Hayat hep öyle yolunda gitmez, bilinir bilmeyen yoktur. Rüzgar yağmur fırtına sandalye uçtu kel açıldı nefes alamaz halde deniz fırsatını bulmuş ele geçirmiş sahili girişmiş seni de gözüne kestirmiş bütün yazın hıncını çıkarırcasına kayalar dur yapma elini bulama öne geçmelerinde.
Ankara’da aşık olmak zor.
Bir itiraz yok yahu kolaydı neredeyse bütün yaşanmış bildiğim bütün yaşanmışlıklar varsa yoksa hepsi Ankara. Şarkı güzel . Ardından bir de Müslüm Yalnızlar Rıhtımı.
İnsanı yarı yoldan çeviriyor rüzgar bu kadar yeter gerisi sonra arkası yarın.
Sokağa çıkmayı seviyor durumdayız; sokakta yaşamayı öyle bir kültür de var uzaktan laf atılacak cevap yine başka bir uzaktan.

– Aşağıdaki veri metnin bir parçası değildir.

Lemma ler_sum_term (R : numDomainType) (T : finType) (P : pred T) (F : T -> R) t :
  P t -> (forall u, P u -> 0 <= F u) -> F t <= \sum_(u | P u) F u.
Proof.
move=> Pt F_ge0; rewrite (bigD1 t) //= lerDl.
by apply: sumr_ge0 => u /andP [Pu _]; apply: F_ge0.
Qed.

Section GameTree.
Variable G : game.
Hypothesis wfG : wf_game G.
Local Notation V := (node G).
Local Notation I := (infoset G).
Local Notation A := (action G).
Local Notation par := (@par G).
Local Notation act := (@act G).
Local Notation owner := (@owner G).
Local Notation info := (@info G).
Implicit Types (J : I) (u v w : V).

Lemma up_stable n v : iter n (obind par) (Some v) = None ->
  forall m, (n <= m)%N -> up m v = up n v.
Proof.
elim: n v => [|n IH] v //= Hit [|m] //= Hnm.
rewrite -iterS iterSr /= in Hit.
case Hp: (par v) => [w|] //; rewrite Hp in Hit.
by rewrite (IH w Hit m Hnm).
Qed.

Lemma hist_par v w : par v = Some w -> hist v = rcons (hist w) (w, act v).
Proof.
move=> Hp; case: wfG => Hit _ _ _ _.
have : (0 < #|V|)%N by apply/card_gt0P; exists v.
move: (Hit v); rewrite /hist; case: #|V| => [|n] // Hv _.
rewrite iterSr /= Hp in Hv.
by rewrite /= Hp -(up_stable Hv (leqnSn n)).
Qed.

Lemma hist_root v : par v = None -> hist v = [::].
Proof.
move=> Hp; have : (0 < #|V|)%N by apply/card_gt0P; exists v.
by rewrite /hist; case: #|V| => [|n] //= _; rewrite Hp.
Qed.

Lemma node_ind (P : V -> Prop) :
  (forall v, (forall w, par v = Some w -> P w) -> P v) -> forall v, P v.
Proof.
move=> H v; case: wfG => Hit _ _ _ _; move: (Hit v).
elim: #|V| v => [|n IH] v //= Hv.
by apply: H => w Hw; apply: IH; rewrite -iterS iterSr /= Hw in Hv.
Qed.

Lemma pathseq_par i u w : par u = Some w ->
  pathseq i u = if owner w == i then rcons (pathseq i w) (info w, act u)
                else pathseq i w.
Proof.
move=> Hp; rewrite /pathseq (hist_par Hp) filter_rcons /=.
by case: (owner w == i); rewrite ?map_rcons.
Qed.

Lemma strict_anc_par x u w : par u = Some w ->
  strict_anc x u = (x == w) || strict_anc x w.
Proof. by move=> Hp; rewrite /strict_anc (hist_par Hp) map_rcons mem_rcons. Qed.

Lemma strict_anc_root x u : par u = None -> strict_anc x u = false.
Proof. by move=> Hp; rewrite /strict_anc (hist_root Hp). Qed.

Lemma strict_anc_trans x w v : strict_anc x w -> strict_anc w v -> strict_anc x v.
Proof.
move=> Hxw; elim/node_ind: v => v IH.
case Hp: (par v) => [p|]; last by rewrite strict_anc_root.
rewrite !(strict_anc_par _ Hp) => /orP [/eqP<-|Hwp]; first by rewrite Hxw orbT.
by rewrite IH // orbT.
Qed.

Lemma strict_anc_total x v w : strict_anc x w -> strict_anc v w ->
  [\/ x = v, strict_anc x v | strict_anc v x].
Proof.
elim/node_ind: w => w IH.
case Hp: (par w) => [p|]; last by rewrite strict_anc_root.
rewrite !(strict_anc_par _ Hp) => /orP [/eqP->|Hx] /orP [/eqP->|Hv].
- exact: Or31.
- exact: Or33.
- exact: Or32.
- exact: IH Hx Hv.
Qed.

Lemma pathseq_last i u p z : pathseq i u = rcons p z ->
  exists x, [/\ owner x = i, info x = z.1, z.2 \in actset_node x,
               strict_anc x u & p = pathseq i x].
Proof.
elim/node_ind: u p z => u IH p z.
case Hp: (par u) => [w|]; last by rewrite /pathseq hist_root //; case: p.
rewrite (pathseq_par _ Hp); case: eqP => Ho.
  move/rcons_inj => [<- <-]; exists w; split => //.
    by apply/imsetP; exists u; rewrite ?inE ?Hp.
  by rewrite (strict_anc_par _ Hp) eqxx.
move=> Hps; have [x [H1 H2 H3 H4 H5]] := IH w Hp p z Hps.
by exists x; split => //; rewrite (strict_anc_par _ Hp) H4 orbT.
Qed.

Lemma isInfo_node i J v : isInfo i J -> info v = J -> owner v = i /\ internal v.
Proof.
case/existsP => u /and3P [/eqP Hu /eqP Ho Hint] Hv.
case: wfG => _ _ _ Hinf _.
have [Ho' Ha] := Hinf u v (etrans Hu (esym Hv)).
by split; [rewrite -Ho' | rewrite /internal -Ha].
Qed.

Lemma rep_node i J : isInfo i J -> exists u, rep J = Some u /\ info u = J.
Proof.
case/existsP => u /and3P [/eqP Hu _ _].
rewrite /rep; case: pickP => [x /eqP Hx|/(_ u)]; first by exists x.
by rewrite Hu eqxx.
Qed.

Lemma seqI_node i J v : i != Chance -> isInfo i J -> info v = J ->
  seqI i J = pathseq i v.
Proof.
move=> Hi HJ Hv; have [u [Hr Hu]] := rep_node HJ.
rewrite /seqI Hr; have [Ho Hint] := isInfo_node HJ Hu.
case: wfG => _ _ _ _ Hpr.
by have := Hpr u v (etrans Hu (esym Hv)); rewrite Ho; apply => //; apply/eqP.
Qed.

Lemma actset_node_eq J v : info v = J -> actset J = actset_node v.
Proof.
move=> Hv; rewrite /actset /rep; case: pickP => [x /eqP Hx|/(_ v)]; last first.
  by rewrite Hv eqxx.
case: wfG => _ _ _ Hinf _.
by have [_ ->] := Hinf x v (etrans Hx (esym Hv)).
Qed.

Lemma actset_nonempty i J : isInfo i J -> exists a, a \in actset J.
Proof.
move=> HJ; have [u [_ Hu]] := rep_node HJ.
have [_ Hint] := isInfo_node HJ Hu.
by rewrite (actset_node_eq Hu); apply/set0Pn.
Qed.

Lemma sigma_rcons i J z : sigmaI i J = Some z -> exists p, seqI i J = rcons p z.
Proof.
rewrite /sigmaI; case/lastP: (seqI i J) => [|p z'] //.
by rewrite map_rcons last_rcons => [[->]]; exists p.
Qed.

Lemma seqI_rec i J : i != Chance -> isInfo i J ->
  (seqI i J = [::] /\ sigmaI i J = None) \/
  exists J' a', [/\ sigmaI i J = Some (J', a'), isInfo i J', a' \in actset J'
                  & seqI i J = rcons (seqI i J') (J', a')].
Proof.
move=> Hi HJ; have [u [_ Hu]] := rep_node HJ.
have Hs := seqI_node Hi HJ Hu.
rewrite /sigmaI; case/lastP E: (seqI i J) Hs => [|p [J' a']] Hs; first by left.
right; have [x [Ho /= Hx Ha _ Hp]] := pathseq_last (esym Hs); subst J'.
have HI : isInfo i (info x).
  apply/existsP; exists x; rewrite eqxx Ho eqxx /internal /=.
  by apply/set0Pn; exists a'.
exists (info x), a'; split => //.
- by rewrite map_rcons last_rcons.
- by rewrite (actset_node_eq (erefl _)).
- by rewrite (seqI_node Hi HI (erefl _)) Hp.
Qed.

Lemma seq_ind i (P : option (I * A) -> Prop) : i != Chance -> P None ->
  (forall J a, isInfo i J -> a \in actset J -> P (sigmaI i J) -> P (Some (J, a))) ->
  forall s, isSeq i s -> P s.
Proof.
move=> Hi P0 PS.
suff Psigma : forall n J, (size (seqI i J) < n)%N -> isInfo i J -> P (sigmaI i J).
  case => [[J a]|] //= /andP [HJ Ha].
  by apply: PS => //; apply: (Psigma _ J (ltnSn _)).
elim => // n IH J Hn HJ.
case: (seqI_rec Hi HJ) => [[_ ->] //|[J' [a' [-> HJ' Ha' E]]]].
by apply: PS => //; apply: IH => //; rewrite E size_rcons ltnS in Hn.
Qed.

Lemma connected_sigma i j J J2 J' a' : i != Chance -> i != j ->
  isInfo i J -> isInfo j J2 -> sigmaI i J = Some (J', a') ->
  connected J J2 -> connected J' J2.
Proof.
move=> Hi Hij HJ HJ2 Hs.
case/existsP => w /existsP [v /and3P [/eqP Hw /eqP Hv Hanc]].
have [p Ep] := sigma_rcons Hs; rewrite (seqI_node Hi HJ Hw) in Ep.
have [x [Ho Hx _ Hxw _]] := pathseq_last Ep.
have [Hov _] := isInfo_node HJ2 Hv.
apply/existsP; exists x; apply/existsP; exists v; rewrite Hx Hv !eqxx /=.
case/orP: Hanc => Ha; last by rewrite (strict_anc_trans Hxw Ha) orbT.
case: (strict_anc_total Hxw Ha) => [Exv|->|->]; rewrite ?orbT //.
by move: Hij; rewrite -Ho -Hov Exv eqxx.
Qed.

Lemma connected_sym J1 J2 : connected J1 J2 = connected J2 J1.
Proof.
by apply/existsP/existsP => -[v /existsP [w /and3P [H1 H2 H3]]];
  exists w; apply/existsP; exists v; rewrite H1 H2 orbC.
Qed.

Lemma relevant_Some_l J a t : relevant (Some (J, a)) t = relevantI t J.
Proof. by case: t => [[J2 b]|] //=; rewrite connected_sym. Qed.

Lemma relevant_Some_r s J b : relevant s (Some (J, b)) = relevantI s J.
Proof. by case: s => [[]|]. Qed.

Lemma relevant_sym (s t : option (I * A)) : relevant s t = relevant t s.
Proof. by case: s t => [[? ?]|] [[? ?]|] //=; rewrite connected_sym. Qed.

Lemma relevant_sigma i j J a t : i != Chance -> i != j -> isInfo i J -> isSeq j t ->
  relevant (Some (J, a)) t -> relevant (sigmaI i J) t.
Proof.
move=> Hi Hij HJ; case: t => [[J2 b]|] /=; last by case: (sigmaI i J) => [[]|].
case/andP=> HJ2 _ Hc; case Es: (sigmaI i J) => [[J' a']|] //=.
exact: (connected_sigma Hi Hij HJ HJ2 Es Hc).
Qed.

Lemma reach_all i J (p : plan G) : i != Chance -> isInfo i J ->
  reachable i p J = all (fun x => p x.1 == Some x.2) (seqI i J).
Proof.
move=> Hi HJ.
have path_all v : all (fun x => (owner x.1 != i) || (p (info x.1) == Some x.2)) (hist v)
     = all (fun x => p x.1 == Some x.2) (pathseq i v).
  by rewrite /pathseq all_map all_filter; apply: eq_all => x /=; case: (owner x.1 == i).
apply/existsP/idP => [[v /andP [/eqP Hv]]|H].
  by rewrite path_all (seqI_node Hi HJ Hv).
have [u [_ Hu]] := rep_node HJ.
by exists u; rewrite Hu eqxx path_all -(seqI_node Hi HJ Hu).
Qed.

Lemma plan_def i (p : plan G) J : isPlan i p ->
  (p J != None) = isInfo i J && reachable i p J.
Proof. by case/andP => /forallP /(_ J) /eqP. Qed.

Lemma plan_some i (p : plan G) J a : isPlan i p -> p J = Some a ->
  [/\ isInfo i J, a \in actset J & reachable i p J].
Proof.
move=> Hp E; have := plan_def J Hp; rewrite E => /esym/andP [HJ HR].
by split => //; case/andP: Hp => _ /forallP /(_ J); rewrite E.
Qed.

Lemma inPi_info i J a (p : plan G) : i != Chance -> isInfo i J -> isPlan i p ->
  inPi i (Some (J, a)) p = (p J == Some a).
Proof.
move=> Hi HJ Hp; rewrite /inPi Hp /=.
case E: (p J == Some a); last by rewrite andbF.
by have [_ _] := plan_some Hp (eqP E); rewrite (reach_all _ Hi HJ) => ->.
Qed.

Lemma inPi_sigma i (p : plan G) J : i != Chance -> isPlan i p -> isInfo i J ->
  inPi i (sigmaI i J) p = (p J != None).
Proof.
move=> Hi Hp HJ; rewrite (plan_def J Hp) HJ /= (reach_all _ Hi HJ).
case: (seqI_rec Hi HJ) => [[-> ->]|[J' [a' [-> HJ' Ha' ->]]]].
  by rewrite /inPi Hp.
rewrite all_rcons /= (inPi_info _ Hi HJ' Hp).
case E: (p J' == Some a') => //=.
by have [_ _] := plan_some Hp (eqP E); rewrite (reach_all _ Hi HJ').
Qed.

Definition plan_of i (c : I -> option A) : plan G :=
  [ffun J => if isInfo i J && all (fun x => c x.1 == Some x.2) (seqI i J)
             then c J else None].

Lemma plan_of_all i c J : i != Chance -> isInfo i J ->
  all (fun x => plan_of i c x.1 == Some x.2) (seqI i J) =
  all (fun x => c x.1 == Some x.2) (seqI i J).
Proof.
move=> Hi; have [n] := ubnP (size (seqI i J)); elim: n J => // n IH J Hn HJ.
case: (seqI_rec Hi HJ) => [[-> _] //|[J' [a' [_ HJ' Ha' E]]]].
rewrite E !all_rcons /= ffunE HJ' /= IH //; last by rewrite E size_rcons ltnS in Hn.
by case: (all _ _); rewrite ?andbF.
Qed.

Eli tutulmadı mı? Uşüyor bir üşüme geliyor tir tir titriyor çocukluktan kalma gençlikten.Üzülme bu akşamda hava geç kararmayacak gece yine de uzadıkça uzayacak lastik gibi daha da ötesi. Bana bir şey ver alıp gideyim sıkıştırmasında onca hikayeyi kaptın aldın gittin yol boyu rüzgar hiç birini geri getirmedin ismi neydi unuttum selam söyle. Kırkayakların ayakları tedavi edilecek romatizma karabataklar da tüy boyaması istiyor senenin modası sarı. Bana ne ben kuaför müyüm serzenişi .
Yalnızlar rıhtımı Müslüm’den Sıcacık kahve özlenmiş elinde el tutulmasa üşüyor denize bak gözüme var mı öyle hadi bakalım hırçınlığa mızmızlığa tepinmeye yere yatmalar gidiyoruz a gelivermeler şimdiden eskiden olsa gençlik.